— Лучше костолом, чем через трубочку опорожняться.
— Как через трубочку? — похолодел Ерема.
— Каждому третьему везет, не больше. Хорошо, что Иван Ильич отличный хирург, — усмехнулась сестра, с тайным разочарованием глядя на Ерему.
Шевельнулось в нем романтическое чувство, но все уже вышло. Через трубочку. И девушка поняла, что настроение у него упало ниже плинтуса. Видно, натворила пуля бед, если дело дошло до сложной операции. Хорошо, что кишку сохранили, а то лежал бы сейчас Ерема с трубочкой в животе. Знал он одного пацана, из Афгана инвалидом пришел, с калоприемником ходил. И ходит. Лучше сразу застрелиться, чем так.
Девушка поставила капельницу, собралась уходить, только тогда Ерема очнулся, мысленно вернулся к ней.
— А тебя как зовут? — спросил он.
— Оксана! — кокетливо сказала она.
— Иван Ильич когда будет?
— Сменился Иван Ильич, до послезавтра.
— Ну хорошо.
Он помнил мужчину, который склонялся над ним: светло-серые глаза, ясный взгляд, благообразное лицо, а Шишман ему расправой пригрозил. Понятно, что за Ерему переживал, но все равно нехорошо вышло. Впрочем, послезавтра Ерема точно будет здесь, и желание извиниться вряд ли пропадет.
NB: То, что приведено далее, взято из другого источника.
Lemma le_max_of_no_interior_max (k : R -> R) (x z : R) : x < z ->
  (forall t, x <= t <= z -> continuous k t) ->
  (forall t r, 0 < r -> x <= t - r -> t + r <= z ->
     exists s, t - r <= s <= t + r /\ k t < k s) ->
  forall y, x <= y <= z -> k y <= Rmax (k x) (k z).
Proof.
  intros Hxz Hc Hk y Hy.
  destruct (continuous_ab_maj_consistent k x z) as [M [HM HMxz]]; [lra|exact Hc|].
  destruct (Req_dec M x) as [->|Hx].
  { eapply Rle_trans; [apply HM, Hy|apply Rmax_l]. }
  destruct (Req_dec M z) as [->|Hz].
  { eapply Rle_trans; [apply HM, Hy|apply Rmax_r]. }
  set (r := Rmin (M - x) (z - M)).
  assert (Hr : 0 < r) by (apply Rmin_glb_lt; lra).
  pose proof (Rmin_l (M - x) (z - M)). pose proof (Rmin_r (M - x) (z - M)).
  destruct (Hk M r Hr) as [s [Hs Hks]]; try (unfold r; lra).
  assert (k s <= k M) by (apply HM; unfold r in Hs; lra). lra.
Qed.

Lemma convex_on_of_perturbation (J : R -> Prop) (g : R -> R) :
  is_interval J -> (forall t, J t -> continuous g t) ->
  (forall alpha eps t r, 0 < eps -> 0 < r -> J (t - r) -> J (t + r) ->
     exists s, t - r <= s <= t + r /\
       g t + (alpha * t + eps * t ^ 2) < g s + (alpha * s + eps * s ^ 2)) ->
  convex_on J g.
Proof.
  intros HJ Hg Hpert x y z Hx Hz Hxyz.
  apply Rnot_lt_le. intro Hlt.
  set (V := g y * (z - x) - ((z - y) * g x + (y - x) * g z)).
  assert (HV : 0 < V) by (unfold V; lra).
  set (eps := V / (2 * (z - x) * (y - x) * (z - y))).
  assert (Heps : 0 < eps).
  { apply Rdiv_lt_0_compat; [exact HV|].
    repeat apply Rmult_lt_0_compat; lra. }
  set (alpha := - ((g z - g x) / (z - x)) - eps * (x + z)).
  set (k := fun u => g u + (alpha * u + eps * u ^ 2)).
  assert (Hkxz : k x = k z) by (unfold k, alpha; field; lra).
  assert (Hky : k x < k y).
  { assert (E : k y - k x = V / (2 * (z - x))).
    { unfold k, alpha, eps, V. field. repeat split; lra. }
    assert (0 < V / (2 * (z - x))) by (apply Rdiv_lt_0_compat; lra). lra. }
  assert (Hmax : k y <= Rmax (k x) (k z)).
  { apply le_max_of_no_interior_max; [lra| |  |lra].
    - intros t Ht. apply (continuous_plus g).
      + apply Hg, (HJ x t z); auto.
      + apply (@ex_derive_continuous R_AbsRing R_NormedModule). auto_derive. trivial.
    - intros t r Hr Htr Htr'. apply Hpert; auto; apply (HJ x _ z); auto; lra. }
  rewrite <- Hkxz, Rmax_left in Hmax; lra.
Qed.

Lemma convex_on_of_midpoint (J : R -> Prop) (g : R -> R) :
  is_interval J -> (forall t, J t -> continuous g t) ->
  (forall t r, 0 < r -> J (t - r) -> J (t + r) -> g t <= (g (t - r) + g (t + r)) / 2) ->
  convex_on J g.
Proof.
  intros HJ Hg Hmid. apply convex_on_of_perturbation; [exact HJ|exact Hg|].
  intros alpha eps t r Heps Hr Hm Hp.
  set (k := fun u => g u + (alpha * u + eps * u ^ 2)).
  assert (E : k (t - r) + k (t + r) - 2 * k t
              = g (t - r) + g (t + r) - 2 * g t + 2 * (eps * r ^ 2)) by (unfold k; ring).
  assert (g t <= (g (t - r) + g (t + r)) / 2) by (apply Hmid; assumption).
  assert (0 < eps * r ^ 2) by (apply Rmult_lt_0_compat; [lra|apply pow_lt; lra]).
  destruct (Rlt_or_le (k t) (k (t - r))).
  - exists (t - r). split; [lra|assumption].
  - exists (t + r). split; [lra|]. fold (k t) (k (t + r)). lra.
Qed.

Lemma convex_derive_of_midpoint_le_slope (J : R -> Prop) (f g : R -> R) :
  is_interval J -> (forall t, J t -> is_derive f t (g t)) ->
  (forall t, J t -> continuous g t) ->
  (forall a b, J a -> J b -> a < b -> g ((a + b) / 2) <= (f b - f a) / (b - a)) ->
  convex_on J g.
Proof.
  intros HJ Hf Hg Hmid. apply convex_on_of_perturbation; [exact HJ|exact Hg|].
  intros alpha eps t r Heps Hr Hm Hp.
  set (k := fun u => g u + (alpha * u + eps * u ^ 2)).
  set (K := fun u => f u + (alpha * u ^ 2 / 2 + eps * u ^ 3 / 3)).
  destruct (MVT_is_derive K k (t - r) (t + r)) as [c [Hc E]]; [lra| |].
  { intros u Hu. assert (Ju : J u) by (apply (HJ (t - r) u (t + r)); auto).
    pose proof (Hf u Ju). unfold K, k. derive_with_hyps. field. }
  exists c. split; [lra|]. fold (k t) (k c).
  assert (Hslope : g t * (2 * r) <= f (t + r) - f (t - r)).
  { assert (H := Hmid (t - r) (t + r) Hm Hp ltac:(lra)).
    replace ((t - r + (t + r)) / 2) with t in H by field.
    replace (t + r - (t - r)) with (2 * r) in H by ring.
    apply (Rmult_le_compat_r (2 * r)) in H; [|lra].
    replace ((f (t + r) - f (t - r)) / (2 * r) * (2 * r)) with (f (t + r) - f (t - r)) in H
      by (field; lra).
    exact H. }
  assert (Hkc : k c * (2 * r) = f (t + r) - f (t - r)
                 + 2 * r * (alpha * t + eps * t ^ 2) + 2 * eps * r ^ 3 / 3).
  { replace (2 * r) with (t + r - (t - r)) by ring. rewrite <- E. unfold K. field. }
  apply (Rmult_lt_reg_r (2 * r)); [lra|].
  assert (0 < eps * r ^ 3) by (apply Rmult_lt_0_compat; [lra|apply pow_lt; lra]).
  unfold k at 1. lra.
Qed.

(** * Third-order convexity and convexity of the derivative *)

Definition clamp (a b t : R) : R := Rmax a (Rmin t b).

Lemma clamp_id (a b t : R) : a <= t <= b -> clamp a b t = t.
Proof. intros Ht. unfold clamp. rewrite Rmin_left, Rmax_right; lra. Qed.

Lemma clamp_range (a b t : R) : a <= b -> a <= clamp a b t <= b.
Proof. intros Hab. unfold clamp, Rmax, Rmin. repeat destruct Rle_dec; lra. Qed.

Lemma clamp_lipschitz (a b u v : R) : Rabs (clamp a b u - clamp a b v) <= Rabs (u - v).
Proof. unfold clamp, Rmax, Rmin. repeat destruct Rle_dec; split_Rabs; lra. Qed.

(* Composing with the clamp turns continuity within I into two-sided continuity. *)
Lemma continuity_pt_clamp_comp (I : R -> Prop) (f : R -> R) (a b t : R) :
  is_interval I -> I a -> I b -> a <= t <= b ->
  filterlim f (within I (locally t)) (locally (f t)) ->
  continuity_pt (fun u => f (clamp a b u)) t.
Proof.
  intros HI Ia Ib Ht Hf. apply continuity_pt_filterlim.
  unfold continuous. rewrite (clamp_id a b t Ht).
  apply (filterlim_comp _ _ _ (clamp a b) f (locally t) (within I (locally t))); [|exact Hf].
  intros P [eps HP]. exists eps. intros u Hu. apply HP.
  - change (Rabs (clamp a b u - t) < eps).
    rewrite <- (clamp_id a b t Ht).
    eapply Rle_lt_trans; [apply clamp_lipschitz|exact Hu].
  - apply (HI a _ b); auto. apply clamp_range. lra.
Qed.

Lemma convex_on_quadratic_coef (J : R -> Prop) (psi : R -> R) (al be ga y1 y2 y3 : R) :
  convex_on J psi -> J y1 -> J y3 -> y1 < y2 < y3 ->
  psi y1 = al + be * y1 + ga * y1 ^ 2 -> psi y2 = al + be * y2 + ga * y2 ^ 2 ->
  psi y3 = al + be * y3 + ga * y3 ^ 2 -> 0 <= ga.
Proof.
  intros Hc H1 H3 Hy E1 E2 E3.
  pose proof (Hc y1 y2 y3 H1 H3 Hy) as Hcv. rewrite E1, E2, E3 in Hcv.
  assert (E : (al + be * y2 + ga * y2 ^ 2) * (y3 - y1)
              - ((y3 - y2) * (al + be * y1 + ga * y1 ^ 2) + (y2 - y1) * (al + be * y3 + ga * y3 ^ 2))
              = - ga * ((y3 - y2) * (y2 - y1) * (y3 - y1))) by ring.
  assert (0 < (y3 - y2) * (y2 - y1) * (y3 - y1)) by (repeat apply Rmult_lt_0_compat; lra).
  nra.
Qed.

Lemma divdiff3_nonneg_of_convex_derive (phi psi : R -> R) (x0 x1 x2 x3 : R) :
  x0 < x1 -> x1 < x2 -> x2 < x3 ->
  (forall t, x0 <= t <= x3 -> continuity_pt phi t) ->
  (forall t, x0 < t < x3 -> is_derive phi t (psi t)) ->
  convex_on (fun t => x0 < t < x3) psi ->
  0 <= divdiff3 phi x0 x1 x2 x3.
Proof.
  intros H01 H12 H23 Hc Hd Hcv.
  set (D := divdiff3 phi x0 x1 x2 x3).
  set (A := (phi x1 - phi x0) / (x1 - x0)).
  set (S := ((phi x2 - phi x1) / (x2 - x1) - A) / (x2 - x0)).
  set (k := fun t => phi t - (phi x0 + A * (t - x0) + S * (t - x0) * (t - x1)
                              + D * ((t - x0) * (t - x1) * (t - x2)))).
  set (dk := fun t => psi t - (A + S * (2 * t - x0 - x1)
               + D * ((t - x1) * (t - x2) + (t - x0) * (t - x2) + (t - x0) * (t - x1)))).
  assert (Hkc : forall t, x0 <= t <= x3 -> continuity_pt k t).
  { intros t Ht. unfold k. apply continuity_pt_minus; [apply Hc, Ht|reg]. }
  assert (Hkd : forall t, x0 < t < x3 -> is_derive k t (dk t)).
  { intros t Ht. pose proof (Hd t Ht). unfold k, dk. derive_with_hyps. ring. }
  assert (k0 : k x0 = 0) by (unfold k; ring).
  assert (k1 : k x1 = 0) by (unfold k, A; field; lra).
  assert (k2 : k x2 = 0) by (unfold k, S, A; field; lra).
  assert (k3 : k x3 = 0) by (unfold k, D, S, A, divdiff3; field; repeat split; lra).
  destruct (Rolle_is_derive k dk x0 x1) as [y1 [Hy1 Z1]];
    [lra|intros; apply Hkc; lra|intros; apply Hkd; lra|congruence|].
  destruct (Rolle_is_derive k dk x1 x2) as [y2 [Hy2 Z2]];
    [lra|intros; apply Hkc; lra|intros; apply Hkd; lra|congruence|].
  destruct (Rolle_is_derive k dk x2 x3) as [y3 [Hy3 Z3]];
    [lra|intros; apply Hkc; lra|intros; apply Hkd; lra|congruence|].
  set (al := A - S * (x0 + x1) + D * (x0 * x1 + x0 * x2 + x1 * x2)).
  set (be := 2 * S - 2 * D * (x0 + x1 + x2)).
  assert (Hq : forall y, dk y = 0 -> psi y = al + be * y + 3 * D * y ^ 2).
  { intros y Z. unfold dk in Z. apply Rminus_diag_uniq in Z. rewrite Z. unfold al, be. ring. }
  assert (0 <= 3 * D).
  { apply (convex_on_quadratic_coef _ psi al be _ y1 y2 y3 Hcv); try (apply Hq; assumption); lra. }
  lra.
Qed.

Lemma convex3_of_convex_derive (I : R -> Prop) (f g : R -> R) :
  is_interval I -> continuous_on_set I f ->
  (forall t, interior_of I t -> is_derive f t (g t)) ->
  convex_on (interior_of I) g -> convex3_on I f.
Proof.
  intros HI Hc Hd Hcv x0 x1 x2 x3 I0 I1 I2 I3 H01 H12 H23.
  set (fc := fun t => f (clamp x0 x3 t)).
  assert (E : divdiff3 f x0 x1 x2 x3 = divdiff3 fc x0 x1 x2 x3).
  { unfold fc, divdiff3. rewrite !clamp_id by lra. reflexivity. }
  assert (Jin : forall t, x0 < t < x3 -> interior_of I t).
  { intros t Ht. apply (interior_of_between I HI x0 t x3); auto. }
  rewrite E. apply (divdiff3_nonneg_of_convex_derive fc g); auto.
  - intros t Ht. apply (continuity_pt_clamp_comp I); auto.
    apply Hc, (HI x0 t x3); auto.
  - intros t Ht. apply (is_derive_ext_loc f); [|apply Hd, Jin, Ht].
    apply (locally_interval _ t x0 x3); simpl; try lra.
    intros u Hu1 Hu2. unfold fc. rewrite clamp_id; simpl in *; lra.
  - intros x y z Hx Hz Hxyz. apply Hcv; auto.
Qed.

Lemma divdiff3_symmetric (f : R -> R) (m e r : R) : 0 < e < r ->
  divdiff3 f (m - r) (m - e) (m + e) (m + r) =
  ((f (m + r) - f (m - r)) / (2 * r) - (f (m + e) - f (m - e)) / (2 * e)) / (r ^ 2 - e ^ 2).
Proof.
  intros He. unfold divdiff3. field.
  repeat split; try lra; try nra.
Qed.

Lemma midpoint_le_slope_of_convex3 (I : R -> Prop) (f g : R -> R) :
  is_interval I -> (forall t, interior_of I t -> is_derive f t (g t)) ->
  (forall t, interior_of I t -> continuous g t) -> convex3_on I f ->
  forall a b, interior_of I a -> interior_of I b -> a < b ->
    g ((a + b) / 2) <= (f b - f a) / (b - a).
Proof.
  intros HI Hd Hg H3 a b Ha Hb Hab.
  assert (HJ := interior_interval I HI).
  set (m := (a + b) / 2). set (r := (b - a) / 2).
  assert (Hr : 0 < r) by (unfold r; lra).
  assert (Jm : interior_of I m) by (apply (HJ a m b); auto; unfold m; lra).
  replace a with (m - r) in * by (unfold m, r; field).
  replace b with (m + r) in * by (unfold m, r; field).
  replace (m + r - (m - r)) with (2 * r) by ring.
  apply Rnot_lt_le. intro Hlt.
  destruct (continuous_lt_locally g m _ (Hg m Jm) Hlt) as [delta Hdelta].
  set (e := Rmin delta r / 2).
  assert (He : 0 < e < r /\ e < delta).
  { pose proof (cond_pos delta). pose proof (Rmin_l delta r). pose proof (Rmin_r delta r).
    assert (0 < Rmin delta r) by (apply Rmin_glb_lt; lra). unfold e; lra. }
  destruct (MVT_is_derive f g (m - e) (m + e)) as [c [Hc E]]; [lra| |].
  { intros t Ht. apply Hd, (HJ (m - r) t (m + r)); auto; lra. }
  assert (Hgc : (f (m + r) - f (m - r)) / (2 * r) < g c).
  { apply Hdelta. change (Rabs (c - m) < delta). apply Rabs_def1; lra. }
  assert (Hin : forall t, m - r <= t <= m + r -> I t).
  { intros t Ht. apply interior_sub, (HJ (m - r) t (m + r)); auto. }
  pose proof (H3 (m - r) (m - e) (m + e) (m + r)) as H3'.
  specialize (H3' ltac:(apply Hin; lra) ltac:(apply Hin; lra) ltac:(apply Hin; lra)
                  ltac:(apply Hin; lra) ltac:(lra) ltac:(lra) ltac:(lra)).
  rewrite divdiff3_symmetric in H3' by lra.
  replace ((f (m + e) - f (m - e)) / (2 * e)) with (g c) in H3'
    by (replace (m + e - (m - e)) with (2 * e) in E by ring; rewrite E; field; lra).
  assert (0 < r ^ 2 - e ^ 2) by nra.
  assert (Hle : 0 <= (f (m + r) - f (m - r)) / (2 * r) - g c).
  { apply (Rmult_le_reg_r (/ (r ^ 2 - e ^ 2))); [apply Rinv_0_lt_compat; lra|].
    rewrite Rmult_0_l. exact H3'. }
  lra.
Qed.

(** * The two-panel trapezoid inequality *)

(* For p' = h, (h a + 2 h m + h b) / 4 is the two-panel trapezoid rule for the mean
   (p b - p a) / (b - a) of h on [a, b]; condition (iii) reads 0 <= trap2_gap f f' a b. *)
Definition trap2_gap (p h : R -> R) (a b : R) : R :=
  / 2 * ((h a + h b) / 2 + h ((a + b) / 2)) - (p b - p a) / (b - a).

Lemma trap2_gap_halves (p h : R -> R) (a b : R) : a < b ->
  let m := (a + b) / 2 in
  trap2_gap p h a b = / 2 * (((h a + h m) / 2 - (p m - p a) / (m - a))
                             + ((h m + h b) / 2 - (p b - p m) / (b - m))).
Proof. intros Hab m. unfold trap2_gap, m. field. lra. Qed.

Section ConvexDerivative.
Variables (J : R -> Prop) (f g : R -> R).
Hypothesis J_interval : is_interval J.
Hypothesis f_derive : forall t, J t -> is_derive f t (g t).
Hypothesis g_convex : convex_on J g.

Lemma convex_on_sym_sum_le u v t : J u -> J v -> u < v -> 0 <= t <= (v - u) / 2 ->
  g ((u + v) / 2 - t) + g ((u + v) / 2 + t) <= g u + g v.
Proof.
  intros Hu Hv Huv Ht.
  pose proof (convex_on_le J g g_convex u ((u + v) / 2 - t) v Hu Hv ltac:(lra)) as H1.
  pose proof (convex_on_le J g g_convex u ((u + v) / 2 + t) v Hu Hv ltac:(lra)) as H2.
  apply (Rmult_le_reg_r (v - u)); [lra|]. nra.
Qed.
Он ведь не какой-то там отморозок без мозгов и совести.
— Друзья там у вас, — качнула головой Оксана, с укором глянув на него.
— Друзья? — скривил губы Ерема.
А он так надеялся, что Шишман ему со своей угрозой померещился, а нет, все-таки придется извиняться за этого баклана.
— Ходили тут… шумели.
— Ты хотела сказать, угрожали?
— Ну да… — девушка отвела в сторону взгляд.
— Это у них шутки такие!
— Такие же огнестрельные, как ваша рана, — усмехнулась она.
— Я же с тобой на «ты», и ты давай без политесов, — подмигнул Ерема.
— В милицию нужно сообщить, а нельзя, — тихо сказала она.
— Потому что проблемы будут, — мило улыбнулся он. — У того, кто обратится.
— В том-то и дело.
— Вот и не обращайся… А так мы люди мирные и даже добрые.
— Не для всех. — Оксана снова отвела взгляд.
— В твоем возрасте о любви нужно говорить, а ты пургу несешь!
Ерема щелкнул пальцами, указывая на дверь. Достала его эта дура. Ей какое дело, узнают менты об огнестреле или нет? Даже если он человека убил, ее это не должно волновать.
А он убивал, не без этого. Не важно, что убивал хищников, а не травоядных, тех, кто сознательно внес свое имя в список смертников. И сам он в этом списке, и сам готов умереть в любую минуту. Он сознательно выбрал этот страшный путь, по которому смерть идет за ним по пятам. Бадал собрал братву, бросил на вещевой рынок, схлестнулись с блатными, тогда и пролилась первая кровь.
Через год вышли на Москву, здесь подмяли кусок района на окраине столицы, половину потом потеряли, часть из упущенного удалось отбить. Сейчас все нормально, дела идут, проблемы решаются, но и кровь льется. Сегодня вот за барахолку вцепились, уже третья разборка с Машуром. Проблему так и не решили, а значит, завтра снова в бой. Этот разбор Ерема пропустит, но рано или поздно снова окажется в гуще событий. Страшно, опасно, но это его выбор, и не надо печалиться. Даже если впереди ждет смерть.
Оксана обиделась, ушла, появился лечащий врач, осмотрел рану, назначил перевязку. А потом возник Бадал, мощный, накачанный, бицепс размером с голову обычного человека. Мятые уши, вздутые вены на лбу, тяжелые брови, широкий, с мясистыми ноздрями нос, чугунный подбородок, бычья шея, борцовские плечи. Черты лица грубые, жесткие, но взгляд при этом совсем не злой, даже порой добродушный. Шишман с ним подъехал и Вахлам, один такой же тесаный дуб, толстокожий и тяжеловесный, другой высокий, статный, гладкощекий, приятной внешности. Взгляд у Вахлама вроде бы мягкий, но на гранитной основе, кремень-человек. И Шишман крутого нрава, напористый, хлебом не корми, только подраться дай.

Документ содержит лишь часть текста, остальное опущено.